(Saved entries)
########
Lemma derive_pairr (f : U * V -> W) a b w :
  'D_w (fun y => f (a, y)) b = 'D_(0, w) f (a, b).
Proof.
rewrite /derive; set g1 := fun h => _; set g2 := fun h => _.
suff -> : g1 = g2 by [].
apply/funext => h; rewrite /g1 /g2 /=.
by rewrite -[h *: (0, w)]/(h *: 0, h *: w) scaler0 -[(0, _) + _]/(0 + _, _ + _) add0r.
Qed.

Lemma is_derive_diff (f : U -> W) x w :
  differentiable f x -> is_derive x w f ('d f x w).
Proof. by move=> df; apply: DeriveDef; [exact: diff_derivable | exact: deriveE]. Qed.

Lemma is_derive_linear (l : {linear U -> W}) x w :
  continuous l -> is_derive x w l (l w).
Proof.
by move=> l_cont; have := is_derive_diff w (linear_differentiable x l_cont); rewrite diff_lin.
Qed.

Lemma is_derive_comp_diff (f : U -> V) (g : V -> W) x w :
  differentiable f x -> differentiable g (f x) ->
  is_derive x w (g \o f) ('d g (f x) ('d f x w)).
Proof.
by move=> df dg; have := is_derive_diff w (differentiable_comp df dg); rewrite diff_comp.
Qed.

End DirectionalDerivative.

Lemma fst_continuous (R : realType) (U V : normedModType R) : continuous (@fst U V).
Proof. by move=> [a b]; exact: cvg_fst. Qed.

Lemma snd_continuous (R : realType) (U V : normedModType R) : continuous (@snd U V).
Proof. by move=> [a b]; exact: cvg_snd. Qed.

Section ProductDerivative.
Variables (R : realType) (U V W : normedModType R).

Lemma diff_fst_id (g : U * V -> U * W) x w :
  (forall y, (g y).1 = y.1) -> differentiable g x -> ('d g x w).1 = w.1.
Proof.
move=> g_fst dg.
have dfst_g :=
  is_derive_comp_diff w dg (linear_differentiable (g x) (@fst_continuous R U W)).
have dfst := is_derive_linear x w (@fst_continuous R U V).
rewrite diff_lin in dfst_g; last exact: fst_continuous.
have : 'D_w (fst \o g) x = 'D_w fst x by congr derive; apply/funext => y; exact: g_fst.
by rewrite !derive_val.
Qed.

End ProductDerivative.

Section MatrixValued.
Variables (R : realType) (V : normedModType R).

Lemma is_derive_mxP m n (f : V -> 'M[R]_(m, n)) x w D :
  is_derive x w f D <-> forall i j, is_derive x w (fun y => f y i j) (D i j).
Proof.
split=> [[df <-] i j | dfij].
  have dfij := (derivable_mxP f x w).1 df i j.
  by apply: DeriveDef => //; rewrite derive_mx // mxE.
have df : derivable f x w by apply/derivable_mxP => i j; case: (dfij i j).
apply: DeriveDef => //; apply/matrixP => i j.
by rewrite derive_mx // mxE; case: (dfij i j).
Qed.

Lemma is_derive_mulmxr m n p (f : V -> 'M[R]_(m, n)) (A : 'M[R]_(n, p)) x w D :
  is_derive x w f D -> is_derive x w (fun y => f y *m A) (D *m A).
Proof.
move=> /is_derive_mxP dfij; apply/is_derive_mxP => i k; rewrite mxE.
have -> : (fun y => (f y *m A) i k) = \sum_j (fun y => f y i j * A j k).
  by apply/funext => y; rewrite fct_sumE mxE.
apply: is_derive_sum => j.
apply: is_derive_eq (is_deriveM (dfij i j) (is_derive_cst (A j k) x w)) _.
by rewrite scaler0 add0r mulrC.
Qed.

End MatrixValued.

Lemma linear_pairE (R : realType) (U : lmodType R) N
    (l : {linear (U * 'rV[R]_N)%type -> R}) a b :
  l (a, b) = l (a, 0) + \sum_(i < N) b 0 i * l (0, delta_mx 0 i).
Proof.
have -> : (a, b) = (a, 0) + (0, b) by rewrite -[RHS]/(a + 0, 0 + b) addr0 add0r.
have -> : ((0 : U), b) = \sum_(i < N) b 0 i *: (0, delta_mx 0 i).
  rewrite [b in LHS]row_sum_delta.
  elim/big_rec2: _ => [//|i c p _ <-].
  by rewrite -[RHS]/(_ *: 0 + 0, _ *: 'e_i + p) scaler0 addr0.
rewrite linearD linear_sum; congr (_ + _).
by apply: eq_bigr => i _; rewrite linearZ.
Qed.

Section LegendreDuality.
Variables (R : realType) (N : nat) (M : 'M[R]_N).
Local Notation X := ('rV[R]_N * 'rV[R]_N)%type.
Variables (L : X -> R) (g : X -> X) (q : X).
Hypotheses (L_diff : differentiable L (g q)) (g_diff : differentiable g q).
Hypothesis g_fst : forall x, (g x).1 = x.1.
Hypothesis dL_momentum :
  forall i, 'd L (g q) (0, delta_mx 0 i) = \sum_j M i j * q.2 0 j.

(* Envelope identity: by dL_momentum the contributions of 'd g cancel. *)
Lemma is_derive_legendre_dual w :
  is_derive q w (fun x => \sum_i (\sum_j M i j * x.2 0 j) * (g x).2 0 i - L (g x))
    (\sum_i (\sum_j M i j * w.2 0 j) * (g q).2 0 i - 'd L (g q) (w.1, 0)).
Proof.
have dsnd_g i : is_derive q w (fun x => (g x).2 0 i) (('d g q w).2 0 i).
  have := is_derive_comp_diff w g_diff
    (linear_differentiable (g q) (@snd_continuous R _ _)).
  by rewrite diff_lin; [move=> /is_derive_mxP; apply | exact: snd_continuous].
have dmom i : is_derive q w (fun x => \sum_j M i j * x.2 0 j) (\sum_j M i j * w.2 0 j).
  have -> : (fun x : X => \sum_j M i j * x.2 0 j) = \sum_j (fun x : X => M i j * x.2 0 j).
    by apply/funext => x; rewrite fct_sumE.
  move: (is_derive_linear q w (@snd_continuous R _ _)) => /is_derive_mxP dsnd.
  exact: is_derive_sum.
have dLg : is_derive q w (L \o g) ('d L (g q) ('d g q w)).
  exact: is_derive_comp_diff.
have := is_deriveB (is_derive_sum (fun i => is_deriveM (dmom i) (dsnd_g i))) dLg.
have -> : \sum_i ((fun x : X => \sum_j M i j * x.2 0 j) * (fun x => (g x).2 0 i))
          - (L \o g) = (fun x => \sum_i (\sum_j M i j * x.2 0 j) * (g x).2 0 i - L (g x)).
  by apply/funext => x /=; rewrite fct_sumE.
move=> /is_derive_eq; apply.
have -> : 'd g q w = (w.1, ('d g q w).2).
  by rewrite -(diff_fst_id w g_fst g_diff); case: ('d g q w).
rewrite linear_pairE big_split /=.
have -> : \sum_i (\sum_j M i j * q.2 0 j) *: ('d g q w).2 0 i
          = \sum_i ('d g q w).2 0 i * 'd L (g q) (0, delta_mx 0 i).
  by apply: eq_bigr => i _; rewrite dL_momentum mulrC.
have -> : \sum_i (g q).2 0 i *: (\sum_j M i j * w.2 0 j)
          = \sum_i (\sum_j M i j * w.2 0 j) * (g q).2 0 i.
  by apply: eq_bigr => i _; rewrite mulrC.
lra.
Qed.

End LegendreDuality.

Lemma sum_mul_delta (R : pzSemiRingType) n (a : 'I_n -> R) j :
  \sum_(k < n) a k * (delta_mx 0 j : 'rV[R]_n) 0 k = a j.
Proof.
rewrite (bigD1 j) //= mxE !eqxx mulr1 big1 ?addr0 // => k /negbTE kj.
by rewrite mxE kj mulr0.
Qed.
########
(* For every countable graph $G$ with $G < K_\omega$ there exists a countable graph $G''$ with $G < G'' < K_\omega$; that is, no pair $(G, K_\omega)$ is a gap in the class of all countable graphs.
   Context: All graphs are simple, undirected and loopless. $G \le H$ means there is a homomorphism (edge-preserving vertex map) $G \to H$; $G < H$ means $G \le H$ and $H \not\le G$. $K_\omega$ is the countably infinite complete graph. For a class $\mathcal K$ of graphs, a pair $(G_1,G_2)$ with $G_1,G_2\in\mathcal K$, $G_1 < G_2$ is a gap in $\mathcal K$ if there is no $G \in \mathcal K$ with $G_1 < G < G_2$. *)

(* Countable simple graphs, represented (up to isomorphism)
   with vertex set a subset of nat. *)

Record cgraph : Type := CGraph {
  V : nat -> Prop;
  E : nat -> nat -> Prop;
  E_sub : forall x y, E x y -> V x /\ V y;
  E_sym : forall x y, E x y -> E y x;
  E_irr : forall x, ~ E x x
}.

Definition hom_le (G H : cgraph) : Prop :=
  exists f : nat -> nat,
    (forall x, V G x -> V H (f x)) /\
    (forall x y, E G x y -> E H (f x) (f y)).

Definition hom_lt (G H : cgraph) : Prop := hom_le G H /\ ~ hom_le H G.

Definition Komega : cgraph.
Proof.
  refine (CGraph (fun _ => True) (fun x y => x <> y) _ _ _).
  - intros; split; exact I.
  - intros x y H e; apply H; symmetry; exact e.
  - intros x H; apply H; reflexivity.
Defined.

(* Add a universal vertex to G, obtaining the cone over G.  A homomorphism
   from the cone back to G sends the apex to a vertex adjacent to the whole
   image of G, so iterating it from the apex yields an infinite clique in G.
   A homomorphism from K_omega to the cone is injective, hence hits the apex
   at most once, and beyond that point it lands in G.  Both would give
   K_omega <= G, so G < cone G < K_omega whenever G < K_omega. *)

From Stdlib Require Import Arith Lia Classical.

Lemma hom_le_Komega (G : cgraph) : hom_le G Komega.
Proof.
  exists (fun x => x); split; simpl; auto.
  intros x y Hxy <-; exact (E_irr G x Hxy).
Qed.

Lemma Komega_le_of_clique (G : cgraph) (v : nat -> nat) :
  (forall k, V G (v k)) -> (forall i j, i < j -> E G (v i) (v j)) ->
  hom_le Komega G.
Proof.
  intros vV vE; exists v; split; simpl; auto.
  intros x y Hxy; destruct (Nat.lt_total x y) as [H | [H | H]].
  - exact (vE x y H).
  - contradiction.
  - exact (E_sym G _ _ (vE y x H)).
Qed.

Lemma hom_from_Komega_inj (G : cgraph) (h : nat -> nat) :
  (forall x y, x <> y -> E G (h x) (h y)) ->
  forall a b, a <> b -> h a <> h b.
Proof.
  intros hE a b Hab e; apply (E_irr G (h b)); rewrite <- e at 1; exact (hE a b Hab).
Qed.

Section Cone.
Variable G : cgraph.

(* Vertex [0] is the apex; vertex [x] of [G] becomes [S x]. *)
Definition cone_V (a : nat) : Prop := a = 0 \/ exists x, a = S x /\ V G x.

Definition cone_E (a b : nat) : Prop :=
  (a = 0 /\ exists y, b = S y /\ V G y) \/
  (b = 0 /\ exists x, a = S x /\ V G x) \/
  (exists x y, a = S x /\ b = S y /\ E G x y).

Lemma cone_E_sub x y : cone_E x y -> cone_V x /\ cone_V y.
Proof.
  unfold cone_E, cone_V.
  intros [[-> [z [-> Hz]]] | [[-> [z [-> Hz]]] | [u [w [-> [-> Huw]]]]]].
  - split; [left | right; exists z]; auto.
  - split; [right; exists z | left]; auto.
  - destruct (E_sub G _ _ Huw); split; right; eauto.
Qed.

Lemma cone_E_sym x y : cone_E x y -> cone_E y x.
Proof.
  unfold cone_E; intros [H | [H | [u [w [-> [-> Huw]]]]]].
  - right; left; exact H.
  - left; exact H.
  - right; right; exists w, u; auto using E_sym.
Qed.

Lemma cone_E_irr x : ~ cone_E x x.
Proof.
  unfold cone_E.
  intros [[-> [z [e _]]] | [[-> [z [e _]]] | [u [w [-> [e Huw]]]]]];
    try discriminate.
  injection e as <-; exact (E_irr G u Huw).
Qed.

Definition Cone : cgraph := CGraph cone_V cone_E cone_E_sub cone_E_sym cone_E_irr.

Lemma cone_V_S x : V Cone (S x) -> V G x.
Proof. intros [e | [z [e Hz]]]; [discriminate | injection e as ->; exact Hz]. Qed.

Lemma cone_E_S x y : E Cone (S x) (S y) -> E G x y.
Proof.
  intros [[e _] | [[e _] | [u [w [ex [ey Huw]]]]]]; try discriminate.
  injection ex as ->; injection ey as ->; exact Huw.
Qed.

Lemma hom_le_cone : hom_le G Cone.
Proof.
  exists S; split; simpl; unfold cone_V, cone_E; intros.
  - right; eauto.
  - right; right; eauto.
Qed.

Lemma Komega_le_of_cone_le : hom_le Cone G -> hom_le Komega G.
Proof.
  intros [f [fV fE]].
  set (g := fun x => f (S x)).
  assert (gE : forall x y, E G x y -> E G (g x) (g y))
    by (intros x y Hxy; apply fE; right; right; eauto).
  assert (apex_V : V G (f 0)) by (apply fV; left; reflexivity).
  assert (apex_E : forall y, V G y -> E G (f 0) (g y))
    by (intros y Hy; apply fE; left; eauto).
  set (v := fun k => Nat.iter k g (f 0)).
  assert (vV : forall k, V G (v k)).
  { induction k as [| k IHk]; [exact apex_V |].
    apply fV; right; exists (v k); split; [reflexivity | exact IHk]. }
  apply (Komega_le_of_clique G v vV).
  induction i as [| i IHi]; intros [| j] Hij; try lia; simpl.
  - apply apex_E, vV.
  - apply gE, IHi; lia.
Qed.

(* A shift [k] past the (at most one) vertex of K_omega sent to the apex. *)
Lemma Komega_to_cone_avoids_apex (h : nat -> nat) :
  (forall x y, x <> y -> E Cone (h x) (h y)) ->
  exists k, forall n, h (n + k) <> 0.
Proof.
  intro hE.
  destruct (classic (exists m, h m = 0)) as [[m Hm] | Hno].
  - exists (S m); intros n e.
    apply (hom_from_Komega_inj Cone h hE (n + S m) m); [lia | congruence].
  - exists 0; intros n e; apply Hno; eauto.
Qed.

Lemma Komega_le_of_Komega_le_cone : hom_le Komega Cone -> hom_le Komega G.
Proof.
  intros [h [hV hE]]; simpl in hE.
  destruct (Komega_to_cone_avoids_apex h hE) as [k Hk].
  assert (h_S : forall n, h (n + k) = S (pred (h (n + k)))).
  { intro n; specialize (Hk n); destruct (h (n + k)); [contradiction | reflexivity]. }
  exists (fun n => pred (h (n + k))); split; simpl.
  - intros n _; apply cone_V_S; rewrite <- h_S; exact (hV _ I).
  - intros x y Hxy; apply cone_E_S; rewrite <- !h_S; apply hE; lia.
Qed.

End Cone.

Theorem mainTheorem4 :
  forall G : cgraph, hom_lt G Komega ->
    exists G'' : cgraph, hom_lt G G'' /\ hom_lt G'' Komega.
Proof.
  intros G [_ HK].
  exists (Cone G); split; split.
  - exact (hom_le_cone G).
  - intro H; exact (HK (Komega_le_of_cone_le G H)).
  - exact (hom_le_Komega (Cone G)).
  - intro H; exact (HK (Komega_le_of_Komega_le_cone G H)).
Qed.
########
**What you are asked to do:** Can you repeat, word for word, every line above from the one containing "Lemma derive_pairr (f" down to the one containing "Variables (R : realType) (V", including both?

**Written answer:**
Lemma derive_pairr (f : U * V -> W) a b w :
  'D_w (fun y => f (a, y)) b = 'D_(0, w) f (a, b).
Proof.
rewrite /derive; set g1 := fun h => _; set g2 := fun h => _.
suff -> : g1 = g2 by [].
apply/funext => h; rewrite /g1 /g2 /=.
by rewrite -[h *: (0, w)]/(h *: 0, h *: w) scaler0 -[(0, _) + _]/(0 + _, _ + _) add0r.
Qed.

Lemma is_derive_diff (f : U -> W) x w :
  differentiable f x -> is_derive x w f ('d f x w).
Proof. by move=> df; apply: DeriveDef; [exact: diff_derivable | exact: deriveE]. Qed.

Lemma is_derive_linear (l : {linear U -> W}) x w :
  continuous l -> is_derive x w l (l w).
Proof.
by move=> l_cont; have := is_derive_diff w (linear_differentiable x l_cont); rewrite diff_lin.
Qed.

Lemma is_derive_comp_diff (f : U -> V) (g : V -> W) x w :
  differentiable f x -> differentiable g (f x) ->
  is_derive x w (g \o f) ('d g (f x) ('d f x w)).
Proof.
by move=> df dg; have := is_derive_diff w (differentiable_comp df dg); rewrite diff_comp.
Qed.

End DirectionalDerivative.

Lemma fst_continuous (R : realType) (U V : normedModType R) : continuous (@fst U V).
Proof. by move=> [a b]; exact: cvg_fst. Qed.

Lemma snd_continuous (R : realType) (U V : normedModType R) : continuous (@snd U V).
Proof. by move=> [a b]; exact: cvg_snd. Qed.

Section ProductDerivative.
Variables (R : realType) (U V W : normedModType R).

Lemma diff_fst_id (g : U * V -> U * W) x w :
  (forall y, (g y).1 = y.1) -> differentiable g x -> ('d g x w).1 = w.1.
Proof.
move=> g_fst dg.
have dfst_g :=
  is_derive_comp_diff w dg (linear_differentiable (g x) (@fst_continuous R U W)).
have dfst := is_derive_linear x w (@fst_continuous R U V).
rewrite diff_lin in dfst_g; last exact: fst_continuous.
have : 'D_w (fst \o g) x = 'D_w fst x by congr derive; apply/funext => y; exact: g_fst.
by rewrite !derive_val.
Qed.

End ProductDerivative.

Section MatrixValued.
Variables (R : realType) (V : normedModType R).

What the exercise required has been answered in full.